#### Your task
The records below are to be transcribed in full, exactly as given.

=== Given records ===

(* Let $n\in\mathbb N$ and $X=C_2\sqcup L_n$, and let $a$ be the generator of the subgroup $C_2$ of $X$ (identified with $\langle a\rangle$). Then $\lambda(X)$ is a finite commutative Boolean semigroup, its set of idempotents $E(\lambda(X))$ equals $\lambda(X)\setminus\{a\}$, and $\mathcal E*a=a$ for every idempotent $\mathcal E$ of $\lambda(X)$.
   Context: $\lambda(X)$ is the set of maximal linked upfamilies on $X$ (an upfamily is a family of nonempty subsets closed under supersets; linked means any two members intersect; maximal linked means not properly contained in another linked upfamily), with each $x\in X$ identified with $\langle x\rangle=\{A\subset X:x\in A\}$ and operation $\mathcal A*\mathcal B=\big\langle \bigcup_{a\in A} a*B_a : A\in\mathcal A,\ \{B_a\}_{a\in A}\subset\mathcal B\big\rangle$, where $\langle\mathcal C\rangle=\{A\subset X:\exists C\in\mathcal C,\ C\subset A\}$. $C_2=\{1,-1\}$ under multiplication; $L_n=\{0,\dots,n-1\}$ with operation $\min$. For semigroups $(X,* )$, $(Y,\star)$, the disjoint ordered union $X\sqcup Y$ is the disjoint union with operation $x\circ y=x*y$ for $x,y\in X$; $x\circ y=x$ if $x\in X,y\in Y$; $x\circ y=y$ if $x\in Y,y\in X$; $x\circ y=x\star y$ for $x,y\in Y$. A semigroup is Boolean if $x^3=x$ for all $x$. *)

From HB Require Import structures.
From mathcomp Require Import all_boot.
Set Implicit Arguments. Unset Strict Implicit. Unset Printing Implicit Defensive.

Section Upfamilies.
Variables (T : finType) (op : T -> T -> T).

Definition upfam (F : {set {set T}}) : bool :=
  (set0 \notin F) &&
  [forall A : {set T}, forall B : {set T}, (A \in F) && (A \subset B) ==> (B \in F)].

Definition linked (F : {set {set T}}) : bool :=
  [forall A in F, forall B in F, A :&: B != set0].

Definition mlu (F : {set {set T}}) : bool :=
  [&& upfam F, linked F &
   [forall G : {set {set T}}, [&& upfam G, linked G & F \subset G] ==> (G == F)]].

Definition pfam (x : T) : {set {set T}} := [set A : {set T} | x \in A].

Definition upcl (C : {set {set T}}) : {set {set T}} :=
  [set A : {set T} | [exists C0 in C, C0 \subset A]].

Definition lmulset (a : T) (B : {set T}) : {set T} := [set op a b | b in B].

Definition fmul (FA FB : {set {set T}}) : {set {set T}} :=
  upcl [set C : {set T} | [exists A in FA, exists f : {ffun T -> {set T}},
          [forall a in A, f a \in FB] && (C == \bigcup_(a in A) lmulset a (f a))]].

End Upfamilies.

(* X = C_2 \sqcup L_n.  C_2 = {1,-1} is encoded as inl b with b = true for -1
   (multiplication = xor); L_n = 'I_n with min. *)
Definition Xn (n : nat) : finType := (bool + 'I_n)%type.

Definition Xop (n : nat) (x y : Xn n) : Xn n :=
  match x, y with
  | inl b, inl c => inl (b (+) c)
  | inl b, inr _ => inl b
  | inr _, inl c => inl c
  | inr i, inr j => inr (if (i <= j)%N then i else j)
  end.

Definition Xa (n : nat) : Xn n := inl true.

Definition lam (n : nat) := [pred F : {set {set Xn n}} | mlu F].
Definition lmul (n : nat) := @fmul (Xn n) (@Xop n).

(* The development has three layers.
   1. On a finite inhabited type, a linked upfamily is maximal iff it is
      "prime": it contains C or ~C for every set C.  This yields closure of λ(T) under *,
      associativity for associative operations, <x> * <y> = <xy>, and a
      commutation criterion: if the translates x⁻¹C lying in G form a chain
      under inclusion, then C ∈ F * G implies C ∈ G * F.
   3. In X, every element x ≠ a is conservative (xy ∈ {x, y}) and a absorbs
      X \ {a}.  Hence F * F = F and F * <a> = <a> as soon as {a} ∉ F, while
      {a} ∈ F forces F = <a>, and <a> * <a> = <1> ≠ <a>.  For commutativity,
      the translates of a set C with a ∈ C ⇒ 1 ∈ C form a chain (L_n is a
      chain under min), and every set or its complement has this property. *)
From mathcomp Require Import all_boot zify.
Set Implicit Arguments. Unset Strict Implicit. Unset Printing Implicit Defensive.

Section MaximalLinked.
Variables (T : finType) (t0 : T).
Implicit Types (F G : {set {set T}}) (A B C D : {set T}) (x : T).

Lemma upfamP F :
  reflect (set0 \notin F /\ forall A B, A \in F -> A \subset B -> B \in F) (upfam F).
Proof.
apply: (iffP andP) => -[F0 up]; split=> //.
- by move=> A B hA sAB; move/forallP/(_ A)/forallP/(_ B)/implyP: up; apply; rewrite hA.
- apply/forallP=> A; apply/forallP=> B; apply/implyP=> /andP[]; exact: up.
Qed.

Lemma linkedP F : reflect (forall A B, A \in F -> B \in F -> A :&: B != set0) (linked F).
Proof.
apply: (iffP forallP) => [lF A B hA hB | lF A].
- by move/implyP/(_ hA)/forallP/(_ B)/implyP/(_ hB): (lF A).
- by apply/implyP=> hA; apply/forallP=> B; apply/implyP; exact: lF.
Qed.

Lemma mlu_up F A B : mlu F -> A \in F -> A \subset B -> B \in F.
Proof. by case/and3P=> /upfamP[_ up] _ _; apply: up. Qed.

Lemma mlu_meet F A B : mlu F -> A \in F -> B \in F -> A :&: B != set0.
Proof. by case/and3P=> _ /linkedP lF _; apply: lF. Qed.

Lemma mlu_neq0 F A : mlu F -> A \in F -> A != set0.
Proof. by move=> hF hA; rewrite -[A]setIid (mlu_meet hF hA hA). Qed.

Lemma mlu_max F G : mlu F -> upfam G -> linked G -> F \subset G -> G = F.
Proof. by case/and3P=> _ _ /forallP/(_ G)/implyP max uG lG sFG; apply/eqP/max/and3P. Qed.

(* A nonempty set meeting every member of a maximal F belongs to F:
   otherwise F together with the supersets of C is a larger linked upfamily. *)
Lemma mlu_extend F C : mlu F -> C != set0 ->
  (forall D, D \in F -> D :&: C != set0) -> C \in F.
Proof.
move=> hF nzC meetC; set G := F :|: [set D : {set T} | C \subset D].
suff <- : G = F by rewrite !inE subxx orbT.
apply: mlu_max => //; last exact: subsetUl.
- apply/upfamP; split.
    by rewrite !inE negb_or subset0 nzC andbT; apply/negP=> /(mlu_neq0 hF); rewrite eqxx.
  move=> A B; rewrite !inE => /orP[hA | sCA] sAB; first by rewrite (mlu_up hF hA sAB).
  by rewrite (subset_trans sCA sAB) orbT.
- apply/linkedP => A B; rewrite !inE => /orP[hA | sCA] /orP[hB | sCB].
  + exact: mlu_meet hF hA hB.
  + exact: subset_neq0 (setISS (subxx A) sCB) (meetC _ hA).
  + by rewrite setIC; exact: subset_neq0 (setISS (subxx B) sCA) (meetC _ hB).
  + by apply: subset_neq0 (setISS sCA sCB) _; rewrite setIid.
Qed.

===

#### Task output
(* Let $n\in\mathbb N$ and $X=C_2\sqcup L_n$, and let $a$ be the generator of the subgroup $C_2$ of $X$ (identified with $\langle a\rangle$). Then $\lambda(X)$ is a finite commutative Boolean semigroup, its set of idempotents $E(\lambda(X))$ equals $\lambda(X)\setminus\{a\}$, and $\mathcal E*a=a$ for every idempotent $\mathcal E$ of $\lambda(X)$.
   Context: $\lambda(X)$ is the set of maximal linked upfamilies on $X$ (an upfamily is a family of nonempty subsets closed under supersets; linked means any two members intersect; maximal linked means not properly contained in another linked upfamily), with each $x\in X$ identified with $\langle x\rangle=\{A\subset X:x\in A\}$ and operation $\mathcal A*\mathcal B=\big\langle \bigcup_{a\in A} a*B_a : A\in\mathcal A,\ \{B_a\}_{a\in A}\subset\mathcal B\big\rangle$, where $\langle\mathcal C\rangle=\{A\subset X:\exists C\in\mathcal C,\ C\subset A\}$. $C_2=\{1,-1\}$ under multiplication; $L_n=\{0,\dots,n-1\}$ with operation $\min$. For semigroups $(X,* )$, $(Y,\star)$, the disjoint ordered union $X\sqcup Y$ is the disjoint union with operation $x\circ y=x*y$ for $x,y\in X$; $x\circ y=x$ if $x\in X,y\in Y$; $x\circ y=y$ if $x\in Y,y\in X$; $x\circ y=x\star y$ for $x,y\in Y$. A semigroup is Boolean if $x^3=x$ for all $x$. *)

From HB Require Import structures.
From mathcomp Require Import all_boot.
Set Implicit Arguments. Unset Strict Implicit. Unset Printing Implicit Defensive.

Section Upfamilies.
Variables (T : finType) (op : T -> T -> T).

Definition upfam (F : {set {set T}}) : bool :=
  (set0 \notin F) &&
  [forall A : {set T}, forall B : {set T}, (A \in F) && (A \subset B) ==> (B \in F)].

Definition linked (F : {set {set T}}) : bool :=
  [forall A in F, forall B in F, A :&: B != set0].

Definition mlu (F : {set {set T}}) : bool :=
  [&& upfam F, linked F &
   [forall G : {set {set T}}, [&& upfam G, linked G & F \subset G] ==> (G == F)]].

Definition pfam (x : T) : {set {set T}} := [set A : {set T} | x \in A].

Definition upcl (C : {set {set T}}) : {set {set T}} :=
  [set A : {set T} | [exists C0 in C, C0 \subset A]].

Definition lmulset (a : T) (B : {set T}) : {set T} := [set op a b | b in B].

Definition fmul (FA FB : {set {set T}}) : {set {set T}} :=
  upcl [set C : {set T} | [exists A in FA, exists f : {ffun T -> {set T}},
          [forall a in A, f a \in FB] && (C == \bigcup_(a in A) lmulset a (f a))]].

End Upfamilies.

(* X = C_2 \sqcup L_n.  C_2 = {1,-1} is encoded as inl b with b = true for -1
   (multiplication = xor); L_n = 'I_n with min. *)
Definition Xn (n : nat) : finType := (bool + 'I_n)%type.

Definition Xop (n : nat) (x y : Xn n) : Xn n :=
  match x, y with
  | inl b, inl c => inl (b (+) c)
  | inl b, inr _ => inl b
  | inr _, inl c => inl c
  | inr i, inr j => inr (if (i <= j)%N then i else j)
  end.

Definition Xa (n : nat) : Xn n := inl true.

Definition lam (n : nat) := [pred F : {set {set Xn n}} | mlu F].
Definition lmul (n : nat) := @fmul (Xn n) (@Xop n).

(* The development has three layers.
   1. On a finite inhabited type, a linked upfamily is maximal iff it is
      "prime": it contains C or ~C for every set C.  This yields closure of λ(T) under *,
      associativity for associative operations, <x> * <y> = <xy>, and a
      commutation criterion: if the translates x⁻¹C lying in G form a chain
      under inclusion, then C ∈ F * G implies C ∈ G * F.
   3. In X, every element x ≠ a is conservative (xy ∈ {x, y}) and a absorbs
      X \ {a}.  Hence F * F = F and F * <a> = <a> as soon as {a} ∉ F, while
      {a} ∈ F forces F = <a>, and <a> * <a> = <1> ≠ <a>.  For commutativity,
      the translates of a set C with a ∈ C ⇒ 1 ∈ C form a chain (L_n is a
      chain under min), and every set or its complement has this property. *)
From mathcomp Require Import all_boot zify.
Set Implicit Arguments. Unset Strict Implicit. Unset Printing Implicit Defensive.

Section MaximalLinked.
Variables (T : finType) (t0 : T).
Implicit Types (F G : {set {set T}}) (A B C D : {set T}) (x : T).

Lemma upfamP F :
  reflect (set0 \notin F /\ forall A B, A \in F -> A \subset B -> B \in F) (upfam F).
Proof.
apply: (iffP andP) => -[F0 up]; split=> //.
- by move=> A B hA sAB; move/forallP/(_ A)/forallP/(_ B)/implyP: up; apply; rewrite hA.
- apply/forallP=> A; apply/forallP=> B; apply/implyP=> /andP[]; exact: up.
Qed.

Lemma linkedP F : reflect (forall A B, A \in F -> B \in F -> A :&: B != set0) (linked F).
Proof.
apply: (iffP forallP) => [lF A B hA hB | lF A].
- by move/implyP/(_ hA)/forallP/(_ B)/implyP/(_ hB): (lF A).
- by apply/implyP=> hA; apply/forallP=> B; apply/implyP; exact: lF.
Qed.

Lemma mlu_up F A B : mlu F -> A \in F -> A \subset B -> B \in F.
Proof. by case/and3P=> /upfamP[_ up] _ _; apply: up. Qed.

Lemma mlu_meet F A B : mlu F -> A \in F -> B \in F -> A :&: B != set0.
Proof. by case/and3P=> _ /linkedP lF _; apply: lF. Qed.

Lemma mlu_neq0 F A : mlu F -> A \in F -> A != set0.
Proof. by move=> hF hA; rewrite -[A]setIid (mlu_meet hF hA hA). Qed.

Lemma mlu_max F G : mlu F -> upfam G -> linked G -> F \subset G -> G = F.
Proof. by case/and3P=> _ _ /forallP/(_ G)/implyP max uG lG sFG; apply/eqP/max/and3P. Qed.

(* A nonempty set meeting every member of a maximal F belongs to F:
   otherwise F together with the supersets of C is a larger linked upfamily. *)
Lemma mlu_extend F C : mlu F -> C != set0 ->
  (forall D, D \in F -> D :&: C != set0) -> C \in F.
Proof.
move=> hF nzC meetC; set G := F :|: [set D : {set T} | C \subset D].
suff <- : G = F by rewrite !inE subxx orbT.
apply: mlu_max => //; last exact: subsetUl.
- apply/upfamP; split.
    by rewrite !inE negb_or subset0 nzC andbT; apply/negP=> /(mlu_neq0 hF); rewrite eqxx.
  move=> A B; rewrite !inE => /orP[hA | sCA] sAB; first by rewrite (mlu_up hF hA sAB).
  by rewrite (subset_trans sCA sAB) orbT.
- apply/linkedP => A B; rewrite !inE => /orP[hA | sCA] /orP[hB | sCB].
  + exact: mlu_meet hF hA hB.
  + exact: subset_neq0 (setISS (subxx A) sCB) (meetC _ hA).
  + by rewrite setIC; exact: subset_neq0 (setISS (subxx B) sCA) (meetC _ hB).
  + by apply: subset_neq0 (setISS sCA sCB) _; rewrite setIid.
Qed.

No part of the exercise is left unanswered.